Enduring Power of Attorney for an Elderly Parent in Saskatchewan
Enduring Power of Attorney for an Elderly Parent in Saskatchewan
If your parent hasn't signed an Enduring Power of Attorney and a Health Care Directive, you are one fall away from a legal crisis that could take months and thousands of dollars to resolve. Saskatchewan law requires specific documents for specific decisions, and getting them done before cognitive decline sets in is non-negotiable.
Two Separate Legal Instruments
Saskatchewan splits decision-making authority into two distinct categories, governed by two different statutes:
Enduring Power of Attorney (EPA) — covers financial and property decisions. Governed by The Powers of Attorney Act, 2002. This lets you manage your parent's bank accounts, pay their bills, file their taxes, and handle real estate transactions.

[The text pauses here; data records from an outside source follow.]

Lemma int_span_sandwich (R : pzRingType) m (L : set 'rV[R]_m) (G : 'M[R]_m) (E : nat) :
  addgroup L -> (0 < E)%N -> (forall i, row i G *+ E \in L) -> L `<=` int_span G ->
  exists k (K : 'M[int]_(m + k, m)), L = int_span (map_mx intr K *m G).
Proof.
move=> gL E_gt0 LEG subL; pose F := {ffun 'I_m -> 'I_E}.
pose digits (c : F) : 'rV[int]_m := \row_i (c i : nat)%:Z.
(* L is generated by the rows of E G and by those digit vectors c G, with digits
   in [0, E), that lie in L. *)
pose gen (c : F) := if map_mx intr (digits c) *m G \in L then digits c else 0.
exists #|F|, (col_mx (E%:Z)%:M (\matrix_(k < #|F|) gen (enum_val k))).
have LEspan : int_span (G *+ E) `<=` L.
  apply: int_span_sub => // i.
  suff -> : row i (G *+ E) = row i G *+ E by [].
  by apply/rowP => j; rewrite mulmxnE !mxE mulmxnE.
apply/seteqP; split => [x Lx | _ [a _ <-]].
- have [h _ eq_x] := subL _ Lx.
  have mod_lt i : (absz (h ord0 i %% E)%Z < E)%N.
    by rewrite -ltz_nat gez0_abs ?modz_ge0 ?ltz_pmod //; lia.
  pose q := \row_i (h ord0 i %/ E)%Z; pose c : F := [ffun i => Ordinal (mod_lt i)].
  have eq_h : h = q *~ E + digits c.
    apply/rowP => i; rewrite !mxE ffunE /= -pmulrn mulmxnE mxE pmulrn mulrzz.
    by rewrite gez0_abs ?modz_ge0 -?divz_eq //; lia.
  have LqE : map_mx intr (q *~ E) *m G \in L.
    rewrite in_setE; apply: LEspan; exists q => //.
    by rewrite raddfMz /= -scaler_int -scalemxAl scaler_int -pmulrn; apply: raddfMn.
  have Lc : map_mx intr (digits c) *m G \in L.
    have -> : digits c = h - q *~ E by rewrite eq_h addrAC subrr add0r.
    by rewrite raddfB mulmxBl eq_x; apply: addgroupB => //; rewrite in_setE.
  exists (row_mx q (delta_mx 0 (enum_rank c))) => //.
  rewrite map_intr_mulmxA mul_row_col mul_mx_scalar -rowE rowK enum_rankK /gen Lc.
  by rewrite -[X in X *: q]intz scaler_int -eq_h eq_x.
- apply: (int_span_sub gL); last by exists a.
  move=> i; rewrite row_mul -map_row; case: (split_ordP i) => j ->.
    rewrite rowKu rowE mul_mx_scalar -[X in X *: _]intz scaler_int raddfMz /=.
    by rewrite map_delta_mx -scaler_int -scalemxAl scaler_int -rowE -pmulrn LEG.
  rewrite rowKd rowK /gen; case: ifP => // _.
  by rewrite raddf0 mul0mx addgroup0.
Qed.

Section DiscreteSubgroup.
Variables (R : realType) (m : nat) (L : set 'rV[R]_m) (r : R) (B : 'M[R]_m).
Hypotheses (gL : addgroup L) (r_gt0 : 0 < r).
Hypothesis discL : forall v, v \in L -> norm2 v < r -> v = 0.
Hypotheses (LB : forall i, row i B \in L) (uB : B \in unitmx).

Health Care Directive / Healthcare Proxy — covers personal and medical decisions. Governed by The Health Care Directives and Substitute Health Care Decision Makers Act, 2015. This appoints a Substitute Decision Maker (SDM) who can consent to medical treatment, approve care plans, and make the critical call during the SHA's 4-hour bed offer window.
You need both. An EPA alone doesn't give you authority over medical decisions. A Health Care Directive alone doesn't let you access your parent's bank account to pay their care home bills.
How to Set Up the EPA
Saskatchewan provides standard forms through the King's Printer (Publications Centre):
- Form A, B, or C — the actual power of attorney document (personal, property, or joint)

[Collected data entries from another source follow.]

(* The box |k|_oo <= N lies in the disc |k| <= 2N, and the junk value [/ 0 = 0]
   makes the mode k = 0 contribute nothing. *)
Lemma box_inv_sq_le N : lsum (box_list N) (fun p => (/ knorm p) ^ 2) <= sum_inv_sq (2 * N).
Proof.
  unfold sum_inv_sq. rewrite box_sum_lsum. erewrite lsum_ext.
  - apply (lsum_reindex_le mode_eq_dec (box_list N) (box_list (2 * N)) (fun k => k));
      [apply NoDup_box_list | apply NoDup_box_list | intros x y E; exact E | | ].
    + intros j _. destruct (_ && _)%bool eqn:Hj; [|lra].
      apply Rlt_le, Rinv_0_lt_compat.
      rewrite Bool.andb_true_iff, Z.ltb_lt in Hj. apply IZR_lt. lia.
    + intros k Hk. right. rewrite in_box_list in *. unfold in_boxb in *.
      rewrite Bool.andb_true_iff, !Z.leb_le in *. lia.
  - intros [a b] Hk. rewrite in_box_list in Hk. unfold in_boxb in Hk.
    rewrite Bool.andb_true_iff, !Z.leb_le in Hk. simpl in Hk. simpl fst; simpl snd.
    unfold knorm. rewrite pow_inv, pow2_sqrt by apply knorm2_ge0.
    destruct (Z.eq_dec (a * a + b * b) 0) as [E | E].
    + unfold knorm2; simpl. rewrite E, Rinv_0. reflexivity.
    + replace (_ && _)%bool with true; [reflexivity|].
      symmetry. rewrite Bool.andb_true_iff, Z.ltb_lt, Z.leb_le. nia.
Qed.

(** * The nonlinear term and the energy balance of one mode *)

Definition adv_majorant (N : nat) (v : vfield) (k : mode) : R :=
  box_sum N (fun p => vmod (v p) * cmod (curl_hat v (ksub k p))).

Lemma adv_majorant_ge0 N v k : 0 <= adv_majorant N v k.
Proof.
  unfold adv_majorant. rewrite box_sum_lsum. apply lsum_nonneg. intros.
  apply Rmult_le_pos; [apply vmod_ge0 | apply cmod_ge0].
Qed.

Lemma cmod_adv_hat_le N (v : vfield) (comp : cpx * cpx -> cpx) k :
  (forall a, cmod (comp a) <= vmod a) -> (forall q, div_free_at q (v q)) ->
  cmod (adv_hat N v comp k) <= adv_majorant N v k.
Proof.
  intros Hcomp Hdiv. unfold adv_hat, adv_majorant.
  eapply Rle_trans; [apply cmod_Cbox_sum|]. rewrite !box_sum_lsum.
  apply lsum_le. intros p _. cbv zeta. rewrite cmod_mul.
  change (curl_hat v (ksub k p)) with (curl_at (ksub k p) (v (ksub k p))).
  rewrite cmod_curl_at_div_free by apply Hdiv.
  pose proof (cmod_advection_symbol_le (v p) (ksub k p)).
  pose proof (Hcomp (v (ksub k p))). pose proof (cmod_ge0 (comp (v (ksub k p)))).
  pose proof (vmod_ge0 (v p)). pose proof (knorm_ge0 (ksub k p)).
  apply Rle_trans with (vmod (v p) * knorm (ksub k p) * vmod (v (ksub k p)));
    [apply Rmult_le_compat; auto; apply cmod_ge0 | right; ring].
Qed.

Definition nonlin_rhs (N : nat) (v : vfield) (comp : cpx * cpx -> cpx) (k : mode) : cpx :=
  if in_boxb (Z.of_nat N) k then Copp (adv_hat N v comp k) else C0.

(* Right-hand side of the equation for the component [comp] of the velocity;
   [kc] is the matching component of the wave vector. *)
Definition sv_rhs (N : nat) (eps : R) (Rhat : mode -> R) (v : vfield) (P : mode -> cpx)
  (comp : cpx * cpx -> cpx) (kc : mode -> Z) (k : mode) : cpx :=
  Cadd (nonlin_rhs N v comp k)
    (Cadd (Copp (Cmul Ci (Cscal (IZR (kc k)) (P k))))
      (Copp (Cscal (eps * knorm2 k * (1 - Rhat k)) (comp (v k))))).

(* The pressure gradient is curl free, so it drops out. *)
Lemma curl_at_sv_rhs N eps Rhat v P k :
  cdot (curl_hat v k) (curl_at k (sv_rhs N eps Rhat v P fst fst k, sv_rhs N eps Rhat v P snd snd k))
  = cdot (curl_hat v k) (curl_at k (nonlin_rhs N v fst k, nonlin_rhs N v snd k))
    - eps * knorm2 k * (1 - Rhat k) * Cnorm2 (curl_hat v k).
Proof.
  unfold sv_rhs, curl_hat, curl_at, cdot, Cnorm2, Cmul, Cadd, Cscal, Copp, Ci.
  cbn [fst snd]. ring.
Qed.

Lemma cmod_nonlin_rhs_le N v comp k :
  (forall a, cmod (comp a) <= vmod a) -> (forall q, div_free_at q (v q)) ->
  cmod (nonlin_rhs N v comp k) <= adv_majorant N v k.
Proof.
  intros Hcomp Hdiv. unfold nonlin_rhs. destruct (in_boxb (Z.of_nat N) k).
  - rewrite cmod_opp. apply cmod_adv_hat_le; assumption.
  - rewrite cmod_C0. apply adv_majorant_ge0.
Qed.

- Form D — legal advice certificate completed by a lawyer
- Form E — witness certificate signed by two adult witnesses
These documents must be signed in wet ink. Digital signatures are not legally recognized for estate planning in Saskatchewan.
If using a "springing" or contingent EPA — one that only activates when your parent loses capacity — you'll need written declarations of incapacity from two practicing physicians before the attorney can act.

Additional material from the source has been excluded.